* _YOUR INSTRUCTIONS_:
When you reach the line that contains "(* Y_(k) = I ⊗ ... ⊗ Y (at" in the data below, start reproducing lines exactly, and stop after the line that contains "Collecting all these".

* _Saved entries_:
━━━━━━━━
(* Let $n\ge 2$, let $\mathcal{S}\subseteq(\mathbb{C}^d)^{\otimes n}$ be the permutation-symmetric subspace, and let $|\psi\rangle,|\varphi\rangle\in\mathcal{S}$ be such that $A_1\otimes\cdots\otimes A_n|\psi\rangle=|\varphi\rangle$ for some invertible $d\times d$ matrices $A_1,\ldots,A_n$. Then there is an invertible $d\times d$ matrix $A$ such that for every $d\times d$ matrix $B$ with $B_{(1)}|\psi\rangle\in\mathcal{S}$ one has $(ABA^{-1})_{(1)}|\varphi\rangle\in\mathcal{S}$, and for every $B'$ with $B'_{(1)}|\varphi\rangle\in\mathcal{S}$ one has $(A^{-1}B'A)_{(1)}|\psi\rangle\in\mathcal{S}$. In particular, the set of Jordan normal forms of matrices $B$ with $B_{(1)}|\psi\rangle\in\mathcal{S}$ coincides with that for $|\varphi\rangle$.
   Context: $\mathcal{S}$ is the set of vectors in $(\mathbb{C}^d)^{\otimes n}$ invariant under all permutations of the $n$ tensor factors. For a $d\times d$ matrix $Y$, $Y_{(1)}$ denotes $Y\otimes\mathbb{I}\otimes\cdots\otimes\mathbb{I}$ on $(\mathbb{C}^d)^{\otimes n}$. *)

From HB Require Import structures.
From mathcomp Require Import all_boot all_order all_algebra all_fingroup.
Set Implicit Arguments. Unset Strict Implicit. Unset Printing Implicit Defensive.
Import Order.TTheory GRing.Theory Num.Theory.
Local Open Scope ring_scope.

(* Basis index of (C^d)^{⊗n}: a multi-index i : 'I_n -> 'I_d. *)
Definition mindex (n d : nat) := {ffun 'I_n -> 'I_d}.

(* Vectors of (C^d)^{⊗n}, given by their coordinates in the product basis. *)
Definition tensor (C : Type) (n d : nat) := mindex n d -> C.

Definition permute_index (n d : nat) (s : 'S_n) (i : mindex n d) : mindex n d :=
  [ffun k => i (s k)].

Definition symmetric_tensor (C : Type) (n d : nat) (v : tensor C n d) : Prop :=
  forall (s : 'S_n) (i : mindex n d), v (permute_index s i) = v i.

Definition tensor_prod_apply (C : comRingType) (n d : nat)
    (A : 'I_n -> 'M[C]_d) (v : tensor C n d) : tensor C n d :=
  fun i => \sum_(j : mindex n d) (\prod_(k < n) A k (i k) (j k)) * v j.

(* Y_(k) = I ⊗ ... ⊗ Y (at position k) ⊗ ... ⊗ I applied to a tensor. *)
Definition apply_at (C : ringType) (n d : nat) (k : 'I_n)
    (Y : 'M[C]_d) (v : tensor C n d) : tensor C n d :=
  fun i => \sum_(a < d) Y (i k) a * v [ffun l => if l == k then a else i l].

From HB Require Import structures.
From mathcomp Require Import all_boot all_order all_algebra all_fingroup.
From mathcomp Require Import ring.
From Stdlib Require Import FunctionalExtensionality.
Set Implicit Arguments. Unset Strict Implicit. Unset Printing Implicit Defensive.
Import Order.TTheory GRing.Theory Num.Theory.
Local Open Scope ring_scope.

(* Write Y_l := A_k^-1 A_l. Comparing phi with its image under the transposition
   (k l) shows that Y_l acting on slot l of psi may be moved to any other slot.
   Collecting all these factors in slot k gives phi = A_k^(x)n D_(k) psi; since
   D_(k) psi = (A_k^-1)^(x)n phi is symmetric, D is movable as well, and so is an
   n-th root R of D that is a polynomial in D. Such a root exists over an
   algebraically closed field of characteristic 0: Hensel lifting at each root of
   the characteristic polynomial of D and the Chinese remainder theorem give p with
   char_poly D %| p^n - X, and Cayley-Hamilton yields p(D)^n = D. Distributing R^n
   over the n slots gives phi = (A_k R)^(x)n psi, and conjugation by A := A_k R
   transports the one-slot operators keeping psi symmetric to those keeping phi
   symmetric. *)

Section PolyRoots.
Variables (C : numClosedFieldType) (n : nat).
Hypothesis n_gt0 : (0 < n)%N.

(* Hensel lifting: a root of p ^+ n - 'X modulo ('X - lam)^m is corrected by a
   multiple of ('X - lam)^m, using that the derivative n p^(n-1) is invertible at lam. *)
Lemma nroot_modp_XsubC_exp (lam : C) m :
  lam != 0 -> exists p : {poly C}, ('X - lam%:P) ^+ m %| p ^+ n - 'X.
Proof.
move=> lam_neq0; elim: m => [|m [p Hp]]; first by exists 0; rewrite expr0 dvd1p.
case: m Hp => [|m] Hp.
  exists (n.-root lam)%:P; rewrite expr1 dvdp_XsubCl /root !hornerE.
  by rewrite rootCK // subrr.
set q := 'X - lam%:P.
have /eqP plam : p.[lam] ^+ n == lam.
  have : q %| p ^+ n - 'X by apply: dvdp_trans Hp; rewrite -{1}(expr1 q) dvdp_exp2l.
  by rewrite dvdp_XsubCl /root !hornerE subr_eq0.
have plam_neq0 : p.[lam] != 0.
  by apply: contraNneq lam_neq0 => p0; rewrite -plam p0 expr0n eqn0Ngt n_gt0.
have [r Er] := dvdpP _ _ Hp.
set c := - r.[lam] / (n%:R * p.[lam] ^+ n.-1).
set p' := p + c%:P * q ^+ m.+1.
set S := \sum_(i < n) p' ^+ (n.-1 - i) * p ^+ i.
have Ep' : p' ^+ n - 'X = q ^+ m.+1 * (r + c%:P * S).
  rewrite -(subrK (p ^+ n) (p' ^+ n)) -addrA subrXX -/S Er /p' addrAC subrr add0r.
  ring.
exists p'; rewrite Ep' exprSr dvdp_mul2l ?expf_neq0 ?polyXsubC_eq0 //.
have p'lam : p'.[lam] = p.[lam] by rewrite /p' !hornerE subrr expr0n /= mulr0 addr0.
rewrite dvdp_XsubCl /root hornerD hornerM hornerC /S horner_sum.
rewrite (eq_bigr (fun _ => p.[lam] ^+ n.-1)); last first.
  by move=> i _; rewrite hornerM !horner_exp p'lam -exprD subnK // -ltnS prednK.
rewrite sumr_const card_ord /c -mulr_natr; apply/eqP; field.
by rewrite expf_neq0 // pnatr_eq0 -lt0n.
Qed.

Lemma dvdp_exp_sub (a p q f : {poly C}) :
  a %| p - q -> a %| q ^+ n - f -> a %| p ^+ n - f.
Proof.
move=> apq aqf; rewrite -(subrK (q ^+ n) (p ^+ n)) -addrA.
by rewrite dvdp_add // subrXX dvdp_mulr.
Qed.

Lemma nroot_modp_mul (a b p1 p2 : {poly C}) :
  coprimep a b -> a %| p1 ^+ n - 'X -> b %| p2 ^+ n - 'X ->
  exists p, a * b %| p ^+ n - 'X.
Proof.
move=> cop_ab ap1 bp2; have /Bezout_eq1_coprimepP [[u v] /= Euv] := cop_ab.
have Evb : v * b = 1 - u * a by rewrite -Euv; ring.
have Eua : u * a = 1 - v * b by rewrite -Euv; ring.
exists (p1 * (v * b) + p2 * (u * a)); rewrite Gauss_dvdp //; apply/andP; split.
  apply: (dvdp_exp_sub _ ap1).
  by rewrite (_ : _ - p1 = (p2 - p1) * u * a) ?dvdp_mull // Evb; ring.
apply: (dvdp_exp_sub _ bp2).
by rewrite (_ : _ - p2 = (p1 - p2) * v * b) ?dvdp_mull // Eua; ring.
Qed.

Lemma nroot_modp (g : {poly C}) :
  g != 0 -> ~~ root g 0 -> exists p, g %| p ^+ n - 'X.
Proof.
have [k] := ubnP (size g); elim: k g => // k IHg g sgk g_neq0 g0_neq0.
have [/eqP/size_poly1P [c c_neq0 ->] | sg_neq1] := eqVneq (size g) 1%N.
  by exists 0; apply: dvdp_trans (dvd1p _); rewrite dvdp1 size_polyC c_neq0.
have [lam rootg] := closed_rootP _ sg_neq1.
have lam_neq0 : lam != 0 by apply: contraNneq g0_neq0 => <-.
have [m [g' g'lam Eg]] := multiplicity_XsubC g lam.
rewrite g_neq0 /= in g'lam.
have g'_neq0 : g' != 0 by apply: contraNneq g_neq0 => g'0; rewrite Eg g'0 mul0r.
have m_gt0 : (0 < m)%N.
  by case: m Eg => // Eg; move: rootg; rewrite Eg expr0 mulr1 (negbTE g'lam).
have sg' : (size g' < size g)%N.
  rewrite Eg size_Mmonic ?monic_exp ?monicXsubC // size_exp_XsubC addnS.
  by rewrite /= -{1}[size g']addn0 ltn_add2l.
have [p2 g'p2] : exists p2, g' %| p2 ^+ n - 'X.
  by apply: IHg (leq_trans sg' sgk) _ _ => //; apply: contra g0_neq0; rewrite Eg rootM => ->.
have [p1 lamp1] := nroot_modp_XsubC_exp m lam_neq0.
have cop : coprimep g' (('X - lam%:P) ^+ m).
  by rewrite coprimep_expr // coprimep_XsubC.
by rewrite Eg; apply: nroot_modp_mul cop g'p2 lamp1.
Qed.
━━━━━━━━
* _RESPONSE_:
(* Y_(k) = I ⊗ ... ⊗ Y (at position k) ⊗ ... ⊗ I applied to a tensor. *)
Definition apply_at (C : ringType) (n d : nat) (k : 'I_n)
    (Y : 'M[C]_d) (v : tensor C n d) : tensor C n d :=
  fun i => \sum_(a < d) Y (i k) a * v [ffun l => if l == k then a else i l].

From HB Require Import structures.
From mathcomp Require Import all_boot all_order all_algebra all_fingroup.
From mathcomp Require Import ring.
From Stdlib Require Import FunctionalExtensionality.
Set Implicit Arguments. Unset Strict Implicit. Unset Printing Implicit Defensive.
Import Order.TTheory GRing.Theory Num.Theory.
Local Open Scope ring_scope.

(* Write Y_l := A_k^-1 A_l. Comparing phi with its image under the transposition
   (k l) shows that Y_l acting on slot l of psi may be moved to any other slot.
   Collecting all these factors in slot k gives phi = A_k^(x)n D_(k) psi; since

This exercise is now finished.